- Bracelets of Hope will offer hand-made bead bracelets in commemoration of National Suicide Prevention Month
- The event is organized by YouSpoken, a youth group focused on mental health awareness
- YouSpoken was founded by 16 year-old Stouffville resident and high school student Thivya Jeyapalan
- They seek input from the community on how mental health can be better prioritized within the Stouffville community
- Bracelets of Hope will be open in the Leisure Centre lobby from 10 a.m. to 5 p.m. on September 30
To commemorate National Suicide Prevention Month and honour those lost to suicide, YouSpoken is hosting their Bracelets of Hope event this Saturday in the Stouffville Leisure Centre lobby. The event aims to raise awareness of mental health challenges affecting both youths and adults, and their booth will offer bead bracelets and valuable information, resources, and activities related to mental health.
YouSpoken is a youth organization that encourages the sharing of stories and experiences to increase awareness of mental health traumas and triggers. They also focus on assisting young people dealing with post-traumatic stress syndromes and other mental health anxieties. Thivya Jeyapalan, a 16-year-old high school student and Stouffville resident, serves as the group’s founder and executive director. She recently spoke with Bullet Point News about YouSpoken and the Bracelets of Hope event.
In preparation for Bracelets of Hope, Jeyapalan collaborated with fellow Stouffville students to create over 500 bead bracelets.
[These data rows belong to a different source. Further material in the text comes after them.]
Lemma rect_int_quarters (g : Cx -> Cx) (q : rect) :
  rect_valid q -> cont_on_rect g (ra q) (rb q) (rc q) (rd q) ->
  rect_int_q g q = Cadd (Cadd (rect_int_q g (quarter1 q)) (rect_int_q g (quarter2 q)))
                        (Cadd (rect_int_q g (quarter3 q)) (rect_int_q g (quarter4 q))).
Proof.
  destruct q as [a b c d]; intros [H1 H2] Hc.
  unfold rect_int_q, quarter1, quarter2, quarter3, quarter4, mid_x, mid_y in *; simpl in *.
  assert (Hsub : forall a' b' c' d', a <= a' -> b' <= b -> c <= c' -> d' <= d -> a' <= b' -> c' <= d' ->
            cont_on_bd g a' b' c' d')
    by (intros; apply cont_on_rect_bd; auto; eapply cont_on_rect_sub; [| | | | apply Hc]; lra).
  rewrite (rect_int_split_x g a ((a+b)/2) b c d) by (try lra; apply Hsub; lra).
  rewrite (rect_int_split_y g a ((a+b)/2) c ((c+d)/2) d) by (try lra; apply Hsub; lra).
  rewrite (rect_int_split_y g ((a+b)/2) b c ((c+d)/2) d) by (try lra; apply Hsub; lra).
  ring.
Qed.

Definition bisect (g : Cx -> Cx) (q : rect) : rect :=
  let m := Cmod (rect_int_q g q) / 4 in
  if Rle_dec m (Cmod (rect_int_q g (quarter1 q))) then quarter1 q else
  if Rle_dec m (Cmod (rect_int_q g (quarter2 q))) then quarter2 q else
  if Rle_dec m (Cmod (rect_int_q g (quarter3 q))) then quarter3 q else quarter4 q.

Lemma bisect_large (g : Cx -> Cx) (q : rect) :
  rect_valid q -> cont_on_rect g (ra q) (rb q) (rc q) (rd q) ->
  Cmod (rect_int_q g q) / 4 <= Cmod (rect_int_q g (bisect g q)).
Proof.
  intros Hv Hc. unfold bisect.
  destruct (Rle_dec _ _); auto. destruct (Rle_dec _ _); auto. destruct (Rle_dec _ _); auto.
  rewrite (rect_int_quarters g q Hv Hc) in n, n0, n1 |- *.
  pose proof (Cmod_add (Cadd (rect_int_q g (quarter1 q)) (rect_int_q g (quarter2 q)))
                       (Cadd (rect_int_q g (quarter3 q)) (rect_int_q g (quarter4 q)))).
  pose proof (Cmod_add (rect_int_q g (quarter1 q)) (rect_int_q g (quarter2 q))).
  pose proof (Cmod_add (rect_int_q g (quarter3 q)) (rect_int_q g (quarter4 q))). lra.
Qed.

Lemma bisect_geom (g : Cx -> Cx) (q : rect) : rect_valid q ->
  let q' := bisect g q in
  ra q <= ra q' /\ rb q' <= rb q /\ rb q' - ra q' = (rb q - ra q) / 2 /\
  rc q <= rc q' /\ rd q' <= rd q /\ rd q' - rc q' = (rd q - rc q) / 2.
Proof.
  intros [H1 H2]. unfold bisect.
  destruct (Rle_dec _ _); [|destruct (Rle_dec _ _); [|destruct (Rle_dec _ _)]];
  unfold quarter1, quarter2, quarter3, quarter4, mid_x, mid_y; simpl; lra.
Qed.

Definition bisect_iter (g : Cx -> Cx) (q0 : rect) (n : nat) : rect := Nat.iter n (bisect g) q0.

Lemma bisect_iter_geom (g : Cx -> Cx) (q0 : rect) (n : nat) : rect_valid q0 ->
  let q := bisect_iter g q0 n in
  ra q0 <= ra q /\ rb q <= rb q0 /\ rb q - ra q = (rb q0 - ra q0) * (/2)^n /\
  rc q0 <= rc q /\ rd q <= rd q0 /\ rd q - rc q = (rd q0 - rc q0) * (/2)^n.
Proof.
  intros [H1 H2]. induction n as [|n IH]; simpl; [lra|].
  destruct IH as [I1 [I2 [I3 [I4 [I5 I6]]]]].
  assert (Hv : rect_valid (bisect_iter g q0 n)) by (pose proof (pow_le (/2) n); split; nra).
  pose proof (bisect_geom g _ Hv) as G. simpl in G. unfold bisect_iter in *.
  destruct G as [G1 [G2 [G3 [G4 [G5 G6]]]]]. rewrite I3 in G3. rewrite I6 in G6.
  repeat split; lra.
Qed.

Lemma bisect_iter_valid (g : Cx -> Cx) (q0 : rect) (n : nat) :
  rect_valid q0 -> rect_valid (bisect_iter g q0 n).
Proof.
  intros Hv. pose proof (bisect_iter_geom g q0 n Hv) as G. simpl in G.
  destruct Hv. pose proof (pow_le (/2) n). split; nra.
Qed.

Lemma bisect_iter_cont (g : Cx -> Cx) (q0 : rect) (n : nat) :
  rect_valid q0 -> cont_on_rect g (ra q0) (rb q0) (rc q0) (rd q0) ->
  let q := bisect_iter g q0 n in cont_on_rect g (ra q) (rb q) (rc q) (rd q).
Proof.
  intros Hv Hc. pose proof (bisect_iter_geom g q0 n Hv) as G. simpl in *.
  eapply cont_on_rect_sub; [| | | | apply Hc]; lra.
Qed.

Lemma bisect_iter_large (g : Cx -> Cx) (q0 : rect) (n : nat) :
  rect_valid q0 -> cont_on_rect g (ra q0) (rb q0) (rc q0) (rd q0) ->
  Cmod (rect_int_q g q0) * (/4)^n <= Cmod (rect_int_q g (bisect_iter g q0 n)).
Proof.
  intros Hv Hc. induction n as [|n IH]; simpl; [lra|].
  eapply Rle_trans; [|apply bisect_large].
  - lra.
  - apply bisect_iter_valid; auto.
  - apply bisect_iter_cont; auto.
Qed.

Lemma bisect_iter_point (g : Cx -> Cx) (q0 : rect) : rect_valid q0 ->
  exists p : Cx, forall n, let q := bisect_iter g q0 n in
    ra q <= fst p <= rb q /\ rc q <= snd p <= rd q.
Proof.
  intros Hv.
  assert (Step : forall n, let q := bisect_iter g q0 n in let q' := bisect_iter g q0 (S n) in
    ra q <= ra q' /\ rb q' <= rb q /\ rc q <= rc q' /\ rd q' <= rd q)
    by (intros n; simpl; pose proof (bisect_geom g _ (bisect_iter_valid g q0 n Hv)); simpl in *; lra).
  destruct (nested_intervals (fun n => ra (bisect_iter g q0 n)) (fun n => rb (bisect_iter g q0 n)))
    as [px Hpx]; try (intros n; apply Step); try (intros n; apply bisect_iter_valid; auto).
  destruct (nested_intervals (fun n => rc (bisect_iter g q0 n)) (fun n => rd (bisect_iter g q0 n)))
    as [py Hpy]; try (intros n; apply Step); try (intros n; apply bisect_iter_valid; auto).
  exists (px, py). intros n. split; [apply Hpx | apply Hpy].
Qed.

(* Near a point of differentiability [g] is its affine approximation, whose integral vanishes,
   up to an error [eps * |w - p|]. *)
Lemma rect_int_caratheodory_bound (g phi : Cx -> Cx) (p : Cx) (eps : R) (q : rect) :
  rect_valid q -> ra q <= fst p <= rb q -> rc q <= snd p <= rd q ->
  cont_on_rect g (ra q) (rb q) (rc q) (rd q) ->
  (forall w, Cmod (Csub w p) <= rect_sides q ->
     Csub (g w) (g p) = Cmul (phi w) (Csub w p) /\ Cmod (Csub (phi w) (phi p)) <= eps) ->
  Cmod (rect_int_q g q) <= 2 * rect_sides q * (eps * rect_sides q).
Proof.
  destruct q as [a b c d]. unfold rect_valid, rect_int_q, rect_sides; simpl.
  intros [Hab Hcd] Hpx Hpy Hc Hphi.
  set (aff := fun w => Cadd (Csub (g p) (Cmul (phi p) p)) (Cmul (phi p) w)).
  replace (rect_int g a b c d) with (rect_int (fun w => Csub (g w) (aff w)) a b c d).
  2:{ rewrite rect_int_sub by (auto using cont_on_rect_bd; apply cont_on_bd_of_cont; intros; apply Ccont_affine).
      unfold aff. rewrite rect_int_affine by lra. ring. }
  apply rect_int_bound; auto.
  - apply cont_on_bd_add; [apply cont_on_rect_bd; auto|].
    apply cont_on_bd_of_cont. intros; apply Ccont_opp, Ccont_affine.
  - intros w Hw.
    assert (Hwp : Cmod (Csub w p) <= (b - a) + (d - c)).
    { eapply Rle_trans; [apply Cmod_le_abs|]. destruct p as [px py]. unfold Csub, Cadd, Copp; simpl in *.
      apply Rplus_le_compat; apply Rabs_le; unfold on_bd in Hw; simpl in Hw; lra. }
    destruct (Hphi w Hwp) as [E Hle].
    replace (Csub (g w) (aff w)) with (Cmul (Csub (phi w) (phi p)) (Csub w p)).
    2:{ unfold aff. replace (g w) with (Cadd (Csub (g w) (g p)) (g p)) by ring. rewrite E. ring. }
    rewrite Cmod_mul. apply Rmult_le_compat; auto using Cmod_ge0.
Qed.

Theorem goursat (g : Cx -> Cx) (a b c d : R) : a <= b -> c <= d ->
  (forall x y, a <= x <= b -> c <= y <= d -> Cdifferentiable g (x, y)) -> rect_int g a b c d = C0.
Proof.
  intros Hab Hcd Hdiff.
  destruct (Cx_dec (rect_int g a b c d) C0) as [E|NE]; auto. exfalso.
  set (q0 := mk_rect a b c d). set (Q := bisect_iter g q0).
  assert (Hv : rect_valid q0) by (split; simpl; lra).
  assert (Hc : cont_on_rect g a b c d) by (intros x y Hx Hy; apply Cdiff_cont; auto).
  destruct (bisect_iter_point g q0 Hv) as [p Hp].
  assert (Hp0 := Hp 0%nat). unfold bisect_iter, q0 in Hp0; simpl in Hp0.
  destruct (Cdiff_caratheodory g p) as [phi [Hphic Hid]].
  { destruct p as [px py]; simpl in Hp0; apply Hdiff; lra. }
  set (eta := Cmod (rect_int g a b c d)). assert (Heta : 0 < eta) by (apply Cmod_pos; auto).
  set (D := rect_sides q0). assert (HD : 0 <= D) by (unfold D, rect_sides; simpl; lra).
  set (eps := eta / (2 * D * D + 1)).
  assert (Heps : 0 < eps) by (unfold eps; apply Rdiv_lt_0_compat; nra).
  destruct (near_and _ _ _ Hid (Hphic eps Heps)) as [r [Hr Hnear]].
  destruct (pow_lt_1_zero (/2) ltac:(rewrite Rabs_pos_eq; lra) (r / (D + 1)) ltac:(apply Rdiv_lt_0_compat; lra))
    as [N HN].
  specialize (HN N (le_n N)). rewrite Rabs_pos_eq in HN by (apply pow_le; lra).
  set (h := (/2)^N) in HN. assert (Hh : 0 < h) by (apply pow_lt; lra).
  assert (Hside : rect_sides (Q N) = D * h).
  { pose proof (bisect_iter_geom g q0 N Hv) as [_ [_ [G1 [_ [_ G2]]]]].
    unfold D, rect_sides, h, Q. rewrite G1, G2. ring. }
  assert (HDh : D * h < r).
  { apply Rle_lt_trans with ((D + 1) * h); [nra|].
    replace r with ((D + 1) * (r / (D + 1))) by (field; lra). apply Rmult_lt_compat_l; lra. }
  assert (Bnd := rect_int_caratheodory_bound g phi p eps (Q N) (bisect_iter_valid g q0 N Hv)
                   (proj1 (Hp N)) (proj2 (Hp N)) (bisect_iter_cont g q0 N Hv Hc)).
  rewrite Hside in Bnd.
  assert (Big := bisect_iter_large g q0 N Hv Hc).
  replace ((/4)^N) with (h * h) in Big by (unfold h; rewrite <- Rpow_mult_distr; f_equal; field).
  fold eta in Big. unfold Q in Bnd.
  assert (eta * (h * h) <= (2 * D * D * eps) * (h * h)).
  { eapply Rle_trans; [apply Big|]. eapply Rle_trans.
    - apply Bnd. intros w Hw. destruct (Hnear w ltac:(lra)) as [E1 E2]. split; auto; lra.
    - right; ring. }
  assert (eta <= 2 * D * D * eps) by (apply Rmult_le_reg_r with (h * h); nra).
  pose proof (Rmult_div_succ_lt eta (2 * D * D) Heta ltac:(nra)). unfold eps in *. lra.
Qed.

Lemma rect_int_zero_off_point (g : Cx -> Cx) (a b c d : R) (p : Cx) : a <= b -> c <= d ->
  (forall x y, a <= x <= b -> c <= y <= d -> (x, y) <> p -> Cdifferentiable g (x, y)) ->
  a = b \/ c = d \/ ~ (a <= fst p <= b /\ c <= snd p <= d) -> rect_int g a b c d = C0.
Proof.
  intros Hab Hcd Hd [->|[->|Hout]]; [apply rect_int_degen_x | apply rect_int_degen_y|].
  apply goursat; auto. intros x y Hx Hy. apply Hd; auto. intros <-. simpl in Hout. tauto.
Qed.

(* Cutting [[a, b] x [c, d]] along the lines through the sides of the small rectangle
   [[x1, x2] x [y1, y2]] around [p]: every other piece has a degenerate side or misses [p]. *)
Lemma rect_int_central (g : Cx -> Cx) (a b c d x1 x2 y1 y2 : R) (p : Cx) :
  a <= x1 <= fst p -> fst p <= x2 <= b -> c <= y1 <= snd p -> snd p <= y2 <= d ->
  (x1 = a \/ x1 < fst p) -> (x2 = b \/ fst p < x2) -> (y1 = c \/ y1 < snd p) -> (y2 = d \/ snd p < y2) ->
  cont_on_rect g a b c d ->
  (forall x y, a <= x <= b -> c <= y <= d -> (x, y) <> p -> Cdifferentiable g (x, y)) ->
  rect_int g a b c d = rect_int g x1 x2 y1 y2.
Proof.
  intros Hx1 Hx2 Hy1 Hy2 Ex1 Ex2 Ey1 Ey2 Hc Hd.
  assert (Hbd : forall a' b' c' d', a <= a' -> b' <= b -> c <= c' -> d' <= d -> a' <= b' -> c' <= d' ->
            cont_on_bd g a' b' c' d')
    by (intros; apply cont_on_rect_bd; auto; eapply cont_on_rect_sub; [| | | | apply Hc]; lra).
  assert (Hzero : forall a' b' c' d', a <= a' -> b' <= b -> c <= c' -> d' <= d -> a' <= b' -> c' <= d' ->
            a' = b' \/ c' = d' \/ ~ (a' <= fst p <= b' /\ c' <= snd p <= d') -> rect_int g a' b' c' d' = C0)
    by (intros; apply (rect_int_zero_off_point g a' b' c' d' p); auto; intros; apply Hd; auto; lra).
  rewrite (rect_int_split_x g a x1 b c d), (rect_int_split_x g x1 x2 b c d),
    (rect_int_split_y g x1 x2 c y1 d), (rect_int_split_y g x1 x2 y1 y2 d) by (try lra; apply Hbd; lra).
  rewrite (Hzero a x1 c d), (Hzero x2 b c d), (Hzero x1 x2 c y1), (Hzero x1 x2 y2 d)
    by (try lra; destruct Ex1, Ex2, Ey1, Ey2; lra).
  ring.
Qed.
Aligned with YouSpoken’s commitment to storytelling as a means of expanding awareness and understanding, the group hopes attendees will share their own stories and provide input on how to increase understanding and appreciation of mental health within the Stouffville community. Jeyapalan explained, “We will be giving out the bracelets, and in exchange we ask citizens to tell us what sort of changes they hope to see within the community to make mental health more of a priority.”
Along with her family, Jeyapalan immigrated to Canada from Sri Lanka in 2009. “With the presence of the Sri Lankan civil war in the region where I was born, I came to realize that PTSD was something very common within my family heritage,” Jeyapalan recalls. “With mental health woes on the rise, it was very unfortunate that PTSD was not talked about—especially with the influx of new refugees coming to Canada.”
“I started YouSpoken as a way for us to open these conversations and start learning more about traumas and triggers, things within our families that may affect who we are and how we feel,” Jeyapalan added. “It’s been a great way for me to connect with Stouffville youth and learn more about their stories and concerns when it comes to mental health.”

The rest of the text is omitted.